2020-01-05 18:04:02 | 映画(洋画:2019年以降主演男性)
映画「家族を想うとき」を映画館で観てきました。


じつにやるせない映画だ。
「わたしは、ダニエル・ブレイク」ケン・ローチ監督の新作である。宅配業や介護に従事する人の労務環境が悪いのは日本同様英国でも同じようだ。一生懸命に働く父母のことを思えば、少しはまともに生活しようとするのが普通であろうが、息子はぐれるし、娘はさみしがる。子供の面倒を見たくても忙しくて時間がないという八方塞がりの姿を描く。

作品情報にあるケンローチの新自由主義に対する批判はずいぶんと稚拙という印象を持った。でも、映画の作り方はうまい。主人公をはじめとした出演者に圧倒的な試練を与える。行き場のない状態に落とし込む脚本の設定が残酷である。それ自体は現実性をもっている。それだけにやるせない気分になる。

英国ニューカッスルに暮らすリッキー・ターナー(クリス・ヒッチェン)は、マイホーム購入の夢をかなえるために、フランチャイズの宅配ドライバーとして独立を決意する。妻アビー(デビー・ハニーウッド)の車を売り、仕事用の大型車をローンで手に入れ、「ノルマあり」「保証なし」「ペナルティあり」という理不尽で過酷な労働条件の下、家族のために働き続ける。

母のアビーはパートタイムの介護福祉士として、時間外まで1日14時間週6日、働いている。遠く離れたお年寄りの家へも通うアビーには車が必要だったが介護先へバスで通うことになった。アビーは、長い移動時間のせいでますます家にいる時間がなくなっていく。16歳の息子セブと12歳の娘のライザ・ジェーンとのコミュニケーションも、留守番電話のメッセージで一方的に語りかけるばかり。

両親の不在により、家族がバラバラになってしまった子供たちは寂しい想いを募らせてゆく。リッキーがある事件に巻き込まれてしまうのであるが。。。


1.宅配業と労務環境
ネット通販の隆盛は世界中変わらない。英国でも同様で、宅配しているものはネット販売の品物のようだ。宅配時に本人確認のためにIDないしは身分証明書を要求しても素直に提示しない人もいる。宅配先で狂犬にかまれることもある。着ている服装にケチつけられることもある。きっと日本の宅配でも同じような面倒なことは起こっているのであろう。当局の指導で大手運送業は労務環境を改善しているようだが、この映画のように外注の宅配業者というのもいる。

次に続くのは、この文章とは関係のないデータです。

(* For positive integers $D_1,D_2$, integers $a,b$ with $(a,D_1)=(b,D_2)=1$, and integers $u,t$, \[ \widehat S(a,u,t,b;D_1,D_2)=\widehat S(b,t,u,a;D_2,D_1). \]
   Context: Notation: $e(x)=e^{2\pi ix}$. For integers $m_1,m_2,n_1,n_2$ and positive integers $D_1,D_2$, the $GL_3$ Kloosterman sum is \[ S(m_1,m_2,n_1,n_2;D_1,D_2)=\sum e\Big(\frac{m_1B_1+n_1(Y_1D_2-Z_1B_2)}{D_1}\Big)e\Big(\frac{m_2B_2+n_2(Y_2D_1-Z_2B_1)}{D_2}\Big), \] the sum over $B_1,C_1 \bmod D_1$, $B_2,C_2\bmod D_2$ with $\gcd(B_1,C_1,D_1)=\gcd(B_2,C_2,D_2)=1$ and $D_1C_2+B_1B_2+C_1D_2\equiv 0\pmod{D_1D_2}$, where $Y_1B_1+Z_1C_1\equiv 1\pmod{D_1}$, $Y_2B_2+Z_2C_2\equiv1\pmod{D_2}$ (independent of choices). For $(a,D_1)=(b,D_2)=1$, \[ \widehat S(a,u,t,b;D_1,D_2)=\frac{1}{D_1D_2}\sum_{x\bmod D_1}\sum_{y\bmod D_2}S(a,y,x,b;D_1,D_2)\,e\Big(\frac{-xt}{D_1}\Big)e\Big(\frac{-yu}{D_2}\Big). \] *)

From HB Require Import structures.
From mathcomp Require Import all_boot all_order all_algebra.
From mathcomp Require Import reals trigo.
From mathcomp Require Import complex.
Set Implicit Arguments. Unset Strict Implicit. Unset Printing Implicit Defensive.
Import Order.TTheory GRing.Theory Num.Theory.
Local Open Scope ring_scope.
Local Open Scope complex_scope.

Section GL3.
Variable R : realType.

Definition ee (x : R) : R[i] := (cos (2 * pi * x) +i* sin (2 * pi * x))%C.

Definition eq_frac (k : int) (D : nat) : R[i] := ee (k%:~R / D%:R).

Definition coprime3 (B C D : nat) : bool := gcdn (gcdn B C) D == 1%N.

(* a choice of (Y, Z) mod D with Y B + Z C = 1 (mod D); any choice is fine
   since the sum is independent of it; default (0,0) if none exists *)
Definition YZ (D : nat) (B C : 'I_D) : int * int :=
  match [pick p : 'I_D * 'I_D |
           ((p.1 : nat)%:Z * (B : nat)%:Z + (p.2 : nat)%:Z * (C : nat)%:Z
              == 1 %[mod (D : nat)%:Z])%Z] with
  | Some p => ((p.1 : nat)%:Z, (p.2 : nat)%:Z)
  | None => (0, 0)
  end.

Definition Kl3 (m1 m2 n1 n2 : int) (D1 D2 : nat) : R[i] :=
  \sum_(B1 : 'I_D1) \sum_(C1 : 'I_D1) \sum_(B2 : 'I_D2) \sum_(C2 : 'I_D2)
    if [&& coprime3 B1 C1 D1, coprime3 B2 C2 D2 &
          ((D1%:Z * (C2 : nat)%:Z + (B1 : nat)%:Z * (B2 : nat)%:Z
             + (C1 : nat)%:Z * D2%:Z) == 0 %[mod (D1 * D2)%N%:Z])%Z]
    then
      let Y1 := (YZ B1 C1).1 in let Z1 := (YZ B1 C1).2 in
      let Y2 := (YZ B2 C2).1 in let Z2 := (YZ B2 C2).2 in
      eq_frac (m1 * (B1 : nat)%:Z + n1 * (Y1 * D2%:Z - Z1 * (B2 : nat)%:Z)) D1
      * eq_frac (m2 * (B2 : nat)%:Z + n2 * (Y2 * D1%:Z - Z2 * (B1 : nat)%:Z)) D2
    else 0.

Definition Shat (a u t b : int) (D1 D2 : nat) : R[i] :=
  ((D1 * D2)%N%:R)^-1 *
  \sum_(x : 'I_D1) \sum_(y : 'I_D2)
     Kl3 a (y : nat)%:Z (x : nat)%:Z b D1 D2
     * eq_frac (- ((x : nat)%:Z * t)) D1 * eq_frac (- ((y : nat)%:Z * u)) D2.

現状、大手会社は労働基準局の査察を異常に気にするようになった。自社の社員について労働時間が三六協定に違反しているかどうかは厳格に査察されるが、外部委託であれば当然管理外である。働き方改革が進めば進むほど、コスト度外視で外部への業務委託が増加せざるをえない現象が散見される。ケン・ローチはどちらかというと経済音痴でコストを考慮して外部委託が増えていると述べるが違うなあ。

主人公の雇い主を悪者にしようとする気配が映画に充満するが、雇い主からすると依頼した仕事を完結するかどうかだけの問題なのだ。自営なら家庭の事情で仕事ができないならそれをなんとしても補う必要がある。仕事が完結できないなら違約としてのペナルティがあるのは当然である。

2.介護
宅配業と介護福祉士とはずいぶんとやっかいな設定にしたものだ。妻は真面目な介護士である。家族で団らんの時を過ごしているときでも、面倒見ている人から困っているという知らせが入るとすぐに駆けつける。だからといってエクストラの残業代はもらっている気配はない。これこそサービス残業である。


3.子供の呼び出し
脚本の設定だから仕方ないとは思うけど、この息子も困ったものだ。両親が生計を立てるために懸命に働いているのに、知ったこっちゃないといった感じだ。校内でけんかして相手をけがさせたのか、このままだと起訴するぞと学校から脅され呼び出しをくらう。両親ともに時間がないのに迎えに行くため無理やり時間を作る。仕事にもしわ寄せが来る。一難去ってまた一難で次は万引きで呼び出しだ。そんな状態なのに親からの説教に対しても、息子は手元で携帯をいじくっている始末、最悪だ。


こんなに大変なら仕事やめてしまったらどうかと思うが、そうはいかないのであろう。夫には両腕にタトゥがある。それなりの人生を歩んできたと考えてもおかしくない。この映画を観て、日本はまだ弱者救済の観点ではましな方だという感を持った。安倍晋三総理は最近批判されるけど、どちらかというと、右翼ずらのふりをして、やっていることは金持ちイジメで中国よりも社会主義者的な政策ばかりだから。